12 Matching Annotations
  1. Feb 2025
    1. “Yes, you will notice that the European traders have ‘tainted’ souls, Marlow has a ‘pure’ soul, but I am to accept that mine is ‘rudimentary’?” He shakes his head. “Towards the end of the 19th century, there was a very short-lived period of ambivalence about the certainty of this colonising mission, and Heart of Darkness falls into this period. But you cannot compromise my humanity in order that you explore your own ambiguity. I cannot accept that. My humanity is not to be debated, nor is it to be used simply to illustrate European problems.”

      Again, generalizing his culture

    2. "the real question is the dehumanization of Africa and Africans which this age-long attitude has fostered and continues to foster in the world. And the question is whether a novel which celebrates this dehumanization, which depersonalizes a portion of the human race, can be called a great work of art. My answer is: No, it cannot" (Chinua Achebe, "An Image of Africa: Racism in Conrad's 'Heart of Darkness,'" in Hopes and Impediments: Selected Essays (New York: Anchor, 2012)). In other words, Achebe insists that the text’s aesthetic qualities cannot and should not redeem its cultural and racial attitudes. Such a commitment to the political and social implications of literature characterizes much ethnic criticism.

      Western culture denounces the rest of the world in the sense that Americans assume they're superior to everyone else instead of seeing other as their equal

    3. Most famously, Nigerian novelist Chinua Achebe wrote in "An Image of Africa: Racism in Conrad's Heart of Darkness" that the novella "projects the image of Africa as 'the other world,' the antithesis of Europe and therefore of civilization, a place where man's vaunted intelligence and refinement are finally mocked by triumphant bestiality" (Chinua Achebe, "An Image of Africa: Racism in Conrad's 'Heart of Darkness,'" in Hopes and Impediments: Selected Essays (New York: Anchor, 2012)).

      American and western ideology is pretty ignorant to most of the world around us typically.

    4. Wheatley is an interesting example because her work speaks to the concerns of scholars interested in the African American literary tradition and scholars interested in issues of conquest and colonialism.
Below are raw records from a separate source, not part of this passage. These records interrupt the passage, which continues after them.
Lemma T_corr_bounds n : (50 <= n)%nat ->
  (0 < T_corr (n - 1) /\ 0 < T_corr n /\ 0 < T_corr (n + 1)) /\
  - (1.6 / INR n ^ 2) <= ln (T_corr n ^ 2) - ln (T_corr (n - 1) * T_corr (n + 1))
  <= 24 ^ 2 / (24 * INR n - 1) ^ 2 + 4.6 * (0.71 * exp (- (mu (n - 1) / 2))).
Proof.
intros Hn.
assert (Hx : 50 <= INR n) by (apply le_INR in Hn; simpl in Hn; lra).
assert (Hpi := PI_gt_3_14).
assert (HD := exp_neg_half_mu_pred_sqr_le n Hn).
assert (Hem := Rabs_T_osc_le (n - 1) (n - 1) (le_n _)).
assert (He0 := Rabs_T_osc_le (n - 1) n ltac:(lia)).
assert (Hep := Rabs_T_osc_le (n - 1) (n + 1) ltac:(lia)).
set (D := 0.71 * exp (- (mu (n - 1) / 2))) in *.
rewrite !T_corr_eq, INR_pred_24, INR_succ_24 by lia.
set (x := INR n) in *.
set (p := sqrt (24 * x - 25)); set (q := sqrt (24 * x - 1)); set (r := sqrt (24 * x + 23)).
assert (Hp : 0 < p) by (apply sqrt_lt_R0; lra).
assert (Hq : 0 < q) by (apply sqrt_lt_R0; lra).
assert (Hr : 0 < r) by (apply sqrt_lt_R0; lra).
assert (Hp2 : p ^ 2 = 24 * x - 25) by (apply pow2_sqrt; lra).
assert (Hq2 : q ^ 2 = p ^ 2 + 24) by (unfold q; rewrite pow2_sqrt; lra).
assert (Hr2 : r ^ 2 = p ^ 2 + 2 * 24) by (unfold r; rewrite pow2_sqrt; lra).
assert (Hq4 : (24 * x - 1) ^ 2 = q ^ 4)
  by (replace (q ^ 4) with ((q ^ 2) ^ 2) by ring; rewrite Hq2, Hp2; ring).
assert (Hk : 0 <= 6 / PI <= 1.911).
{ split; [left; apply Rdiv_lt_0_compat; lra |].
  apply Rmult_le_reg_r with PI; [lra |]; field_simplify; lra. }
destruct (corr_factors_ge x (6 / PI) D p q r (T_osc (n - 1)) (T_osc n) (T_osc (n + 1)))
  as (Um & U0 & Up); try lra.
rewrite Hq4; split; [repeat split; lra |].
now apply ln_corr_bounds.
Qed.

Theorem lemma2p2 : forall n : nat, (50 <= n)%nat ->
  24 * PI / Rpower (24 * (INR n + 1) - 1) (3 / 2) - 3 / INR n ^ 2 < T1 n /\
  T1 n < 24 * PI / Rpower (24 * (INR n - 1) - 1) (3 / 2)
         + exp (- (Cconst * sqrt (INR n) / 10)).
Proof.
intros n Hn.
destruct (T_corr_bounds n Hn) as ((Hm & H0 & Hp) & C1 & C2).
destruct (mu_second_diff_bounds n ltac:(lia)) as [M1 M2].
destruct (ln_scale_bounds n Hn) as [L1 L2].
assert (Hexp := exp_neg_half_mu_pred_lt n Hn).
assert (Hx : 0 < / INR n ^ 2).
{ apply Rinv_0_lt_compat, pow_lt, lt_0_INR; lia. }
rewrite T1_eq by (lia || assumption).
unfold Rdiv in *; split; lra.
Qed.
Theorem mainTheorem13 (R : realType) (A : comAlgType R)
  (le : A -> A -> Prop) (join meet : A -> A -> A) :
  is_bal le join meet ->
  let N := normal_fun (@alex_open R A le join) in
  let nz := normalize (@alex_open R A le join) in
  let psi := @restrict_psi R A le join meet in
  (* psi maps N(X) into B(Y_A) *)
  (forall f, N f -> bounded_fun (psi f)) /\
  (* injective on N(X) *)
  (forall f g, N f -> N g -> psi f = psi g -> f = g) /\
  (* onto B(Y_A) *)
  (forall h : Ysp le join -> R, bounded_fun h -> exists f, N f /\ psi f = h) /\
  (* ba-l-morphism: preserves +, *, scalars, 1, join, meet of N(X) *)
  (forall f g, N f -> N g -> psi (nz (f \+ g)) = psi f \+ psi g) /\
  (forall f g, N f -> N g -> psi (nz (f \* g)) = psi f \* psi g) /\
  (forall (r : R) f, N f -> psi (nz (fun x => r * f x)) = (fun y => r * psi f y)) /\
  psi (nz (fun=> 1)) = (fun=> 1) /\
  (forall f g, N f -> N g ->
     psi (nz (fun x => Order.max (f x) (g x))) = (fun y => Order.max (psi f y) (psi g y))) /\
  (forall f g, N f -> N g ->
     psi (nz (fun x => Order.min (f x) (g x))) = (fun y => Order.min (psi f y) (psi g y))).
Proof.
move=> bal; cbv zeta.
pose sub (x y : Xsp le join) := sval x `<=` sval y.
pose Y (x : Xsp le join) := maximal_lideal le join (sval x).
have sub_refl x : sub x x by [].
have sub_trans x y z : sub x y -> sub y z -> sub x z by apply: subset_trans.
have Y_max m z : Y m -> sub m z -> z = m by apply: maximal_point_eq.
have Y_cof x : exists m, Y m /\ sub x m by exact: (maximal_point_above bal).
have psi_nz f : bounded_fun f ->
    restrict_psi meet (normalize (@alex_open R A le join) f) = restrict_psi meet f.
  exact: (restrY_normalize sub_refl sub_trans Y_max Y_cof).
split; first by move=> f [fb _]; apply: restrY_bounded.
split.
  move=> f g Nf Ng fg; rewrite (normal_maxinf sub_refl sub_trans Y_max Y_cof Nf).
  by rewrite (normal_maxinf sub_refl sub_trans Y_max Y_cof Ng); congr (maxinf sub _).
split.
  move=> h hb; exists (maxinf sub h).
  by split; [apply: maxinf_normal | apply: restrY_maxinf].
split; first by move=> f g [fb _] [gb _]; rewrite psi_nz //; exact: bounded_add.
split; first by move=> f g [fb _] [gb _]; rewrite psi_nz //; exact: (bounded_mul fb gb).
split; first by move=> r f [fb _]; rewrite psi_nz //; exact: (bounded_mul (bounded_cst _ r) fb).
split; first by rewrite psi_nz //; apply: bounded_cst.
split; first by move=> f g [fb _] [gb _]; rewrite psi_nz //; exact: (bounded_op2 (@normD_max _) fb gb).
by move=> f g [fb _] [gb _]; rewrite psi_nz //; exact: (bounded_op2 (@normD_min _) fb gb).
Qed.
(* Let $b\in(0,+\infty]$, $\beta>0$, $\alpha\ge0$, and $L'>L\ge0$ with $L+\alpha>0$. If $u,g\in\mathbb R$ satisfy $u\in H^{FP}_{\alpha,\beta,L,b}(g)$, then $u\in H^{FP}_{\alpha,\beta,L',b}(g)$.
   Context: For $L\ge0$ with $L+\alpha>0$, put $s:=\beta/(L+\alpha)$; the set $H^{FP}_{\alpha,\beta,L,b}(g)$ for $g\in\mathbb R$ is defined as follows. If $\sqrt{2s}\le b$: $u\in H^{FP}_{\alpha,\beta,L,b}(g)$ iff one of (a) $u=-b$ and $g\ge\alpha b$; (b) $u=b$ and $g\le-\alpha b$; (c) $u=0$ and $|g|\le(L+\alpha)\sqrt{2s}$; (d) $\alpha>0$, $\alpha u=-g$ and $|g|\in\alpha[\sqrt{2s},b]$; (e) $\alpha=0$, $g=0$ and $|u|\in[\sqrt{2s},b]$ holds (with (a),(b) void if $b=+\infty$). If $\sqrt{2s}>b$: $u\in H^{FP}_{\alpha,\beta,L,b}(g)$ iff one of (a) $u=-b$ and $g\ge(L+\alpha)(b/2+s/b)-Lb$; (b) $u=b$ and $g\le-\big((L+\alpha)(b/2+s/b)-Lb\big)$; (c) $u=0$ and $|g|\le(L+\alpha)(b/2+s/b)$; (d) $\alpha>0$, $\alpha u=-g$ and $|g|\in\alpha[\sqrt{2s},b]$; (e) $\alpha=0$, $g=0$ and $|u|\in[\sqrt{2s},b]$ holds. *)

From Stdlib Require Import Reals.
Open Scope R_scope.

(* The extended threshold b ∈ (0,+∞] is encoded as [option R]:
   [Some bb] is the finite value bb, [None] is +∞. *)

Definition HFP (alpha beta L : R) (b : option R) (g u : R) : Prop :=
  let s := beta / (L + alpha) in
  match b with
  | None =>
      (* sqrt(2s) <= +∞ always; cases (a),(b) are void *)
         (u = 0 /\ Rabs g <= (L + alpha) * sqrt (2 * s))
      \/ (alpha > 0 /\ alpha * u = - g /\ alpha * sqrt (2 * s) <= Rabs g)
      \/ (alpha = 0 /\ g = 0 /\ sqrt (2 * s) <= Rabs u)
  | Some bb =>
      (sqrt (2 * s) <= bb /\
         (  (u = - bb /\ g >= alpha * bb)
         \/ (u = bb /\ g <= - (alpha * bb))
         \/ (u = 0 /\ Rabs g <= (L + alpha) * sqrt (2 * s))
         \/ (alpha > 0 /\ alpha * u = - g /\
               alpha * sqrt (2 * s) <= Rabs g <= alpha * bb)
         \/ (alpha = 0 /\ g = 0 /\ sqrt (2 * s) <= Rabs u <= bb)))
   \/ (bb < sqrt (2 * s) /\
         (  (u = - bb /\ g >= (L + alpha) * (bb / 2 + s / bb) - L * bb)
         \/ (u = bb /\ g <= - ((L + alpha) * (bb / 2 + s / bb) - L * bb))
         \/ (u = 0 /\ Rabs g <= (L + alpha) * (bb / 2 + s / bb))
         \/ (alpha > 0 /\ alpha * u = - g /\
               alpha * sqrt (2 * s) <= Rabs g <= alpha * bb)
         \/ (alpha = 0 /\ g = 0 /\ sqrt (2 * s) <= Rabs u <= bb)))
  end.

(* Raising L to L' lowers the radius r = sqrt (2 beta / (L + alpha)) and raises
   (L + alpha) r = sqrt (2 beta (L + alpha)), so each case of H^FP keeps holding
   with the same branch, except when b lies between the two radii.  There the
   point moves from the regime b < r to the regime r' <= b, and the thresholds
   of the first regime dominate those of the second because b < r means
   (L + alpha) b / 2 < beta / b. *)

From Stdlib Require Import Reals Lra.
Open Scope R_scope.

Definition fp_cases (alpha r bb ta tc g u : R) : Prop :=
     (u = - bb /\ g >= ta)
  \/ (u = bb /\ g <= - ta)
  \/ (u = 0 /\ Rabs g <= tc)
  \/ (alpha > 0 /\ alpha * u = - g /\ alpha * r <= Rabs g <= alpha * bb)
  \/ (alpha = 0 /\ g = 0 /\ r <= Rabs u <= bb).

Definition fp_cap (A beta bb : R) : R := A * (bb / 2 + beta / A / bb).

Lemma HFP_Some (alpha beta L bb g u : R) :
  let r := sqrt (2 * (beta / (L + alpha))) in
  HFP alpha beta L (Some bb) g u <->
     (r <= bb /\ fp_cases alpha r bb (alpha * bb) ((L + alpha) * r) g u)
  \/ (bb < r /\ fp_cases alpha r bb (fp_cap (L + alpha) beta bb - L * bb)
                  (fp_cap (L + alpha) beta bb) g u).
Proof. reflexivity. Qed.

Lemma fp_cases_mono (alpha r r' bb ta ta' tc tc' g u : R) :
  0 <= alpha -> r' <= r -> ta' <= ta -> tc <= tc' ->
  fp_cases alpha r bb ta tc g u -> fp_cases alpha r' bb ta' tc' g u.
Proof.
  intros Ha Hr Hta Htc.
  assert (alpha * r' <= alpha * r) by (apply Rmult_le_compat_l; lra).
  unfold fp_cases; intros [C|[C|[C|[C|C]]]].
  - left; lra.
  - right; left; lra.
  - right; right; left; lra.
  - right; right; right; left; lra.
  - right; right; right; right; lra.
Qed.

Lemma HFP_None_mono (alpha beta L L' g u : R) :
  0 <= alpha ->
  sqrt (2 * (beta / (L' + alpha))) <= sqrt (2 * (beta / (L + alpha))) ->
  (L + alpha) * sqrt (2 * (beta / (L + alpha)))
    <= (L' + alpha) * sqrt (2 * (beta / (L' + alpha))) ->
  HFP alpha beta L None g u -> HFP alpha beta L' None g u.
Proof.
  intros Ha Hr HAr; unfold HFP; cbv zeta.
  assert (alpha * sqrt (2 * (beta / (L' + alpha)))
          <= alpha * sqrt (2 * (beta / (L + alpha)))) by (apply Rmult_le_compat_l; lra).
  intros [C|[C|C]]; [left | right; left | right; right]; lra.
Qed.

Lemma sqrt_2s_lt (beta A A' : R) :
  0 < beta -> 0 < A -> A < A' ->
  sqrt (2 * (beta / A')) < sqrt (2 * (beta / A)).
Proof.
  intros Hb HA HAA.
  apply sqrt_lt_1.
  - apply Rlt_le, Rmult_lt_0_compat, Rdiv_lt_0_compat; lra.
  - apply Rlt_le, Rmult_lt_0_compat, Rdiv_lt_0_compat; lra.
  - apply Rmult_lt_compat_l; [lra|].
    unfold Rdiv; apply Rmult_lt_compat_l; [lra|].
    apply Rinv_lt_contravar; nra.
Qed.

Lemma mul_sqrt_2s (beta A : R) :
  0 <= beta -> 0 < A -> A * sqrt (2 * (beta / A)) = sqrt (2 * beta * A).
Proof.
  intros Hb HA.
  rewrite <- (sqrt_square A) at 1 by lra.
  rewrite <- sqrt_mult_alt by nra.
  f_equal; field; lra.
Qed.

Lemma mul_sqrt_2s_le (beta A A' : R) :
  0 <= beta -> 0 < A -> A <= A' ->
  A * sqrt (2 * (beta / A)) <= A' * sqrt (2 * (beta / A')).
Proof.
  intros Hb HA HAA.
  rewrite !mul_sqrt_2s by lra.
  apply sqrt_le_1; nra.
Qed.

Lemma mul_sqrt_2s_sqr (beta A : R) :
  0 <= beta -> 0 < A ->
  A * sqrt (2 * (beta / A)) * sqrt (2 * (beta / A)) = 2 * beta.
Proof.
  intros Hb HA.
  rewrite Rmult_assoc, sqrt_sqrt.
  - field; lra.
  - apply Rmult_le_pos; [lra|]. apply Rmult_le_pos; [lra | apply Rlt_le, Rinv_0_lt_compat; lra].
Qed.

Lemma fp_cap_eq (A beta bb : R) :
  0 < A -> 0 < bb -> fp_cap A beta bb = A * bb / 2 + beta / bb.
Proof. intros HA Hbb; unfold fp_cap; field; lra. Qed.

Lemma fp_cap_le (A A' beta bb : R) :
  0 < A -> A <= A' -> 0 < bb -> fp_cap A beta bb <= fp_cap A' beta bb.
Proof. intros HA HAA Hbb; rewrite !fp_cap_eq by lra; nra. Qed.

Lemma fp_cap_sub_le (alpha beta L L' bb : R) :
  0 < L + alpha -> L <= L' -> 0 < bb ->
  fp_cap (L' + alpha) beta bb - L' * bb <= fp_cap (L + alpha) beta bb - L * bb.
Proof. intros HA HL Hbb; rewrite !fp_cap_eq by lra; nra. Qed.

Lemma half_lt_of_lt_sqrt_2s (beta A bb : R) :
  0 <= beta -> 0 < A -> 0 < bb -> bb < sqrt (2 * (beta / A)) ->
  A * bb / 2 < beta / bb.
Proof.
  intros Hb HA Hbb Hlt.
  pose proof (mul_sqrt_2s_sqr beta A Hb HA).
  assert (bb * bb < sqrt (2 * (beta / A)) * sqrt (2 * (beta / A)))
    by (apply Rmult_le_0_lt_compat; lra).
  assert (A * bb * bb < 2 * beta) by nra.
  apply (Rmult_lt_reg_r bb); [lra|].
  replace (beta / bb * bb) with beta by (field; lra).
  lra.
Qed.

Lemma fp_cap_sub_ge (alpha beta L bb : R) :
  0 <= beta -> 0 < L + alpha -> 0 < bb ->
  bb < sqrt (2 * (beta / (L + alpha))) ->
  alpha * bb <= fp_cap (L + alpha) beta bb - L * bb.
Proof.
  intros Hb HA Hbb Hlt.
  pose proof (half_lt_of_lt_sqrt_2s beta _ bb Hb HA Hbb Hlt).
  rewrite fp_cap_eq by lra; lra.
Qed.

(* Both sides are compared with 2 beta / bb, which lies between them. *)
Lemma fp_cap_le_mul_sqrt_2s (beta A A' bb : R) :
  0 <= beta -> 0 < A -> 0 < A' -> 0 < bb ->
  bb < sqrt (2 * (beta / A)) -> sqrt (2 * (beta / A')) <= bb ->
  fp_cap A beta bb <= A' * sqrt (2 * (beta / A')).
Proof.
  intros Hb HA HA' Hbb Hlt Hle.
  pose proof (half_lt_of_lt_sqrt_2s beta A bb Hb HA Hbb Hlt).
  pose proof (mul_sqrt_2s_sqr beta A' Hb HA').
  set (r' := sqrt (2 * (beta / A'))) in *.
  assert (Hr' : 0 <= A' * r') by (apply Rmult_le_pos; [lra | apply sqrt_pos]).
  assert (2 * beta <= A' * r' * bb) by (rewrite <- H0; apply Rmult_le_compat_l; lra).
  assert (2 * (beta / bb) <= A' * r').
  { apply (Rmult_le_reg_r bb); [lra|].
    replace (2 * (beta / bb) * bb) with (2 * beta) by (field; lra); lra. }
  rewrite fp_cap_eq by lra; lra.
Qed.

Theorem mainTheorem13 (b : option R) (alpha beta L L' u g : R) :
  (forall bb, b = Some bb -> 0 < bb) ->
  0 < beta -> 0 <= alpha -> 0 <= L -> L < L' -> 0 < L + alpha ->
  HFP alpha beta L b g u ->
  HFP alpha beta L' b g u.
Proof.
  intros Hbb Hb Ha HL HLL HA.
  assert (HA' : 0 < L' + alpha) by lra.
  pose proof (sqrt_2s_lt beta _ (L' + alpha) Hb HA ltac:(lra)) as Hr.
  pose proof (mul_sqrt_2s_le beta _ (L' + alpha) ltac:(lra) HA ltac:(lra)) as HAr.
  destruct b as [bb|]; [|now apply HFP_None_mono; lra].
  specialize (Hbb bb eq_refl).
  rewrite !HFP_Some; cbv zeta.
  set (r := sqrt (2 * (beta / (L + alpha)))) in *.
  set (r' := sqrt (2 * (beta / (L' + alpha)))) in *.
  intros [[Hle H] | [Hlt H]].
  - left; split; [lra|]; eapply fp_cases_mono, H; lra.
  - destruct (Rle_or_lt r' bb) as [Hle' | Hlt'].
    + left; split; [lra|]; eapply fp_cases_mono, H; try lra.
      * apply fp_cap_sub_ge; [lra | lra | lra | exact Hlt].
      * apply fp_cap_le_mul_sqrt_2s; [lra | lra | lra | lra | exact Hlt | exact Hle'].
    + right; split; [lra|]; eapply fp_cases_mono, H; try lra.
      * now apply fp_cap_sub_le; lra.
      * now apply fp_cap_le; lra.
Qed.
Wheatley wrote, after all, when Massachusetts was a British colony, and she came to Massachusetts after being forcibly seized from her home in either Senegal or Gambia, in West Africa.

      She used her writing to express the way she was feeling in a masterful way.

    5. By associating black people with Cain, white people implied that Black people were inferior both physically and morally — marked as "other" than white people, whom they considered normal.

      You can see this in the system of oppression, they seen slaves as less than human

    6. Then "appropriate whites had to authenticate the writer's mental and moral capacity, and then the slave's master had to agree that the slave could publish the work. Moreover, the slave's offering was carefully censored to ensure that it was in no way incendiary" (Sondra O’Neale, "A Slave's Subtle War: Phillis Wheatley's Use of Biblical Myth and Symbol," Early American Literature 21, no. 2 (1986): 144–45). In other words, Wheatley could not write a bald condemnation of slavery; her owners held absolute sway over both her writing and her person, and to be published, she had to write within the constraints imposed on her by white people invested in keeping the slave system intact.

      There was even limits to how she could portray her thoughts, not just her but all of the others in the same or similar situations

    7. We might even accuse Wheatley of mimicry, or attempting to imitate the language and (as you can see in the following engraving) dress of the ruling class.

      It seems to me that she was mocking her oppressors rather than mimicking them.

    8. These Others are sometimes portrayed as excessively bad (demonic others) and sometimes as excessively beautiful (exotic others), but neither view actually builds a true picture of non-Western societies or people. In other words, literary critics are wary of texts in which a foreign society is portrayed as ideal, just as they are when a foreign society is portrayed as depraved.

      I feel like people tend to fetishize over certain minorities ex. abgs or Latinas w attitudes

    9. Taking a slightly different focus, the critic Edward Said coined the term Orientalism, which refers to a set of false assumptions and stereotypes that Western cultures maintain about societies other than themselves

      Also, trying to break down stereotypes and letting people be their own self.

    10. Though minority and non-Western writers are now studied regularly, they still occupy relatively small places in most literature classrooms and curricula.

      The change is a slow burn but it is still happening.

    11. Though it has happened more slowly than many cultural critics would like, the literary canon has shifted in the past decades to reflect a wider sense of who writes literature and what we should learn from it.

      There's a shift from white authors running the field, there's more diversity now.

    12. these scholars have demonstrated how the literary canon excludes the voices of minority and non-Western writers, thinkers, and subjects. They have exposed attitudes of prejudice within canonical works.